WORK REQUEST -
Each line below from the one containing "have Z_gt0 := normalizer_gt0" through the one containing "by apply: eq_bigr => b _; ring." should be output exactly as it stands, and no other line should appear.

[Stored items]
BEGIN

Lemma softmax_le1 theta a : softmax theta a <= 1.
Proof.
rewrite -(sum_softmax theta a) (bigD1 a) //= lerDl.
by rewrite sumr_ge0 // => b _; apply: softmax_ge0.
Qed.

Lemma softmax_ratio theta a b :
  softmax theta b = expR (theta b - theta a) * softmax theta a.
Proof. by rewrite /softmax mulrA -expRD subrK. Qed.

Lemma ellL_ge0 theta a : 0 <= ellL theta a.
Proof. by rewrite oppr_ge0 ln_le0 // softmax_le1. Qed.

Lemma sum_softmax_mulr theta c a : \sum_b softmax theta b * c = c.
Proof. by rewrite -mulr_suml (sum_softmax theta a) mul1r. Qed.

Lemma sum_softmax_advU r theta a : \sum_b softmax theta b * advU r theta b = 0.
Proof.
rewrite /advU; under eq_bigr do rewrite mulrBr.
by rewrite sumrB (sum_softmax_mulr _ _ a) subrr.
Qed.

Lemma expected_reward_ge0 r theta : (forall b, 0 <= r b) -> 0 <= expected_reward r theta.
Proof. by move=> r_ge0; rewrite sumr_ge0 // => b _; rewrite mulr_ge0 ?softmax_ge0. Qed.

Lemma expected_reward_le r theta c a :
  (forall b, r b <= c) -> expected_reward r theta <= c.
Proof.
move=> r_le; rewrite -[c]mul1r -(sum_softmax theta a) mulr_suml.
by apply: ler_sum => b _; rewrite ler_wpM2l ?softmax_ge0.
Qed.

Lemma softmax_mul_gap_le r theta astar b :
  (forall a, r a <= r astar) ->
  softmax theta b * (r astar - r b) <= r astar - expected_reward r theta.
Proof.
move=> r_le.
have -> : r astar - expected_reward r theta =
    \sum_c softmax theta c * (r astar - r c).
  under eq_bigr do rewrite mulrBr.
  by rewrite sumrB (sum_softmax_mulr _ _ b).
rewrite (bigD1 b) //= lerDl sumr_ge0 // => c _.
by rewrite mulr_ge0 ?softmax_ge0 ?subr_ge0.
Qed.

End softmax.

Section DG_step.
Variables (R : realType) (K : nat) (eta alpha : R) (r : 'I_K -> R).
Hypotheses (r01 : forall a, 0 <= r a <= 1) (eta_gt0 : 0 < eta) (alpha_gt0 : 0 < alpha).
Implicit Types (theta : 'I_K -> R) (a b : 'I_K).

Definition DG_incr theta a := alpha * wgt eta r theta a * advU r theta a.

Local Notation step := (DG_step eta alpha r).

Lemma advU_le1 theta a : advU r theta a <= 1.
Proof.
have J_ge0 : 0 <= expected_reward r theta.
  by apply: expected_reward_ge0 => b; case/andP: (r01 b).
by case/andP: (r01 a) => _; rewrite /advU -/(expected_reward r theta); lra.
Qed.

Lemma wgt_ge_half theta a : 0 <= advU r theta a -> 2^-1 <= wgt eta r theta a.
Proof.
move=> U_ge0; apply: sigmoid_ge_half.
by rewrite divr_ge0 ?mulr_ge0 ?ellL_ge0 // ltW.
Qed.

Lemma DG_incr_le theta a : DG_incr theta a <= alpha.
Proof.
rewrite /DG_incr -mulrA -[X in _ <= X]mulr1 ler_wpM2l ?(ltW alpha_gt0) //.
have := sigmoid_gt0 (advU r theta a * ellL theta a / eta).
have := sigmoid_le1 (advU r theta a * ellL theta a / eta).
have := advU_le1 theta a.
rewrite /wgt; set w := sigmoid _; set U := advU r theta a.
nra.
Qed.

Lemma DG_incr_le_half theta a b :
    0 <= advU r theta a -> advU r theta b <= advU r theta a / 2 ->
  DG_incr theta b <= DG_incr theta a.
Proof.
move=> Ua_ge0 Ub_le; rewrite /DG_incr -(mulrA alpha) -(mulrA alpha) ler_pM2l //.
have := wgt_ge_half Ua_ge0.
have := sigmoid_gt0 (advU r theta b * ellL theta b / eta).
have := sigmoid_le1 (advU r theta b * ellL theta b / eta).
rewrite /wgt; set wa := sigmoid (advU r theta a * _ / _); set wb := sigmoid _.
move: Ua_ge0 Ub_le; set Ua := advU r theta a; set Ub := advU r theta b.
have [Ub_ge0|Ub_lt0] := leP 0 Ub; nra.
Qed.

Lemma softmax_DG_step theta a :
  softmax (step theta) a =
  softmax theta a * expR (DG_incr theta a) * (normalizer theta / normalizer (step theta)).
Proof.
have Z_gt0 := normalizer_gt0 theta a; have Z'_gt0 := normalizer_gt0 (step theta) a.
rewrite /softmax -!/(normalizer _) {1}/DG_step expRD -/(DG_incr theta a).
by field; rewrite !gt_eqF.
Qed.

Lemma normalizer_DG_step_ratio_ge theta a :
  expR (- alpha) <= normalizer theta / normalizer (step theta).
Proof.
rewrite ler_pdivlMr ?(normalizer_gt0 _ a) // /normalizer mulr_sumr.
apply: ler_sum => b _; rewrite /DG_step -/(DG_incr theta b) -expRD ler_expR.
by have := DG_incr_le theta b; lra.
Qed.

Lemma expected_reward_DG_step theta a :
  expected_reward r (step theta) - expected_reward r theta =
  normalizer theta / normalizer (step theta) *
  \sum_b softmax theta b * ((expR (DG_incr theta b) - 1) * advU r theta b).
Proof.
have -> : expected_reward r (step theta) - expected_reward r theta =
    \sum_b softmax (step theta) b * advU r theta b.
  rewrite /advU; under [RHS]eq_bigr do rewrite mulrBr.
  by rewrite sumrB (sum_softmax_mulr _ _ a).
have -> : \sum_b softmax theta b * ((expR (DG_incr theta b) - 1) * advU r theta b) =
    \sum_b softmax theta b * expR (DG_incr theta b) * advU r theta b.
  rewrite -[RHS]subr0 -[X in _ - X](sum_softmax_advU r theta a) -sumrB.
  by apply: eq_bigr => b _; ring.
by rewrite mulr_sumr; apply: eq_bigr => b _; rewrite softmax_DG_step; ring.
Qed.

Lemma DG_gain_ge0 theta a : 0 <= (expR (DG_incr theta a) - 1) * advU r theta a.
Proof.
rewrite /DG_incr; apply: expR_subr1_mul_ge0.
by rewrite mulr_ge0 ?ltW ?sigmoid_gt0.
Qed.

END

RESULT -
have Z_gt0 := normalizer_gt0 theta a; have Z'_gt0 := normalizer_gt0 (step theta) a.
rewrite /softmax -!/(normalizer _) {1}/DG_step expRD -/(DG_incr theta a).
by field; rewrite !gt_eqF.
Qed.

Lemma normalizer_DG_step_ratio_ge theta a :
  expR (- alpha) <= normalizer theta / normalizer (step theta).
Proof.
rewrite ler_pdivlMr ?(normalizer_gt0 _ a) // /normalizer mulr_sumr.
apply: ler_sum => b _; rewrite /DG_step -/(DG_incr theta b) -expRD ler_expR.
by have := DG_incr_le theta b; lra.
Qed.

Lemma expected_reward_DG_step theta a :
  expected_reward r (step theta) - expected_reward r theta =
  normalizer theta / normalizer (step theta) *
  \sum_b softmax theta b * ((expR (DG_incr theta b) - 1) * advU r theta b).
Proof.
have -> : expected_reward r (step theta) - expected_reward r theta =
    \sum_b softmax (step theta) b * advU r theta b.
  rewrite /advU; under [RHS]eq_bigr do rewrite mulrBr.
  by rewrite sumrB (sum_softmax_mulr _ _ a).
have -> : \sum_b softmax theta b * ((expR (DG_incr theta b) - 1) * advU r theta b) =
    \sum_b softmax theta b * expR (DG_incr theta b) * advU r theta b.
  rewrite -[RHS]subr0 -[X in _ - X](sum_softmax_advU r theta a) -sumrB.
  by apply: eq_bigr => b _; ring.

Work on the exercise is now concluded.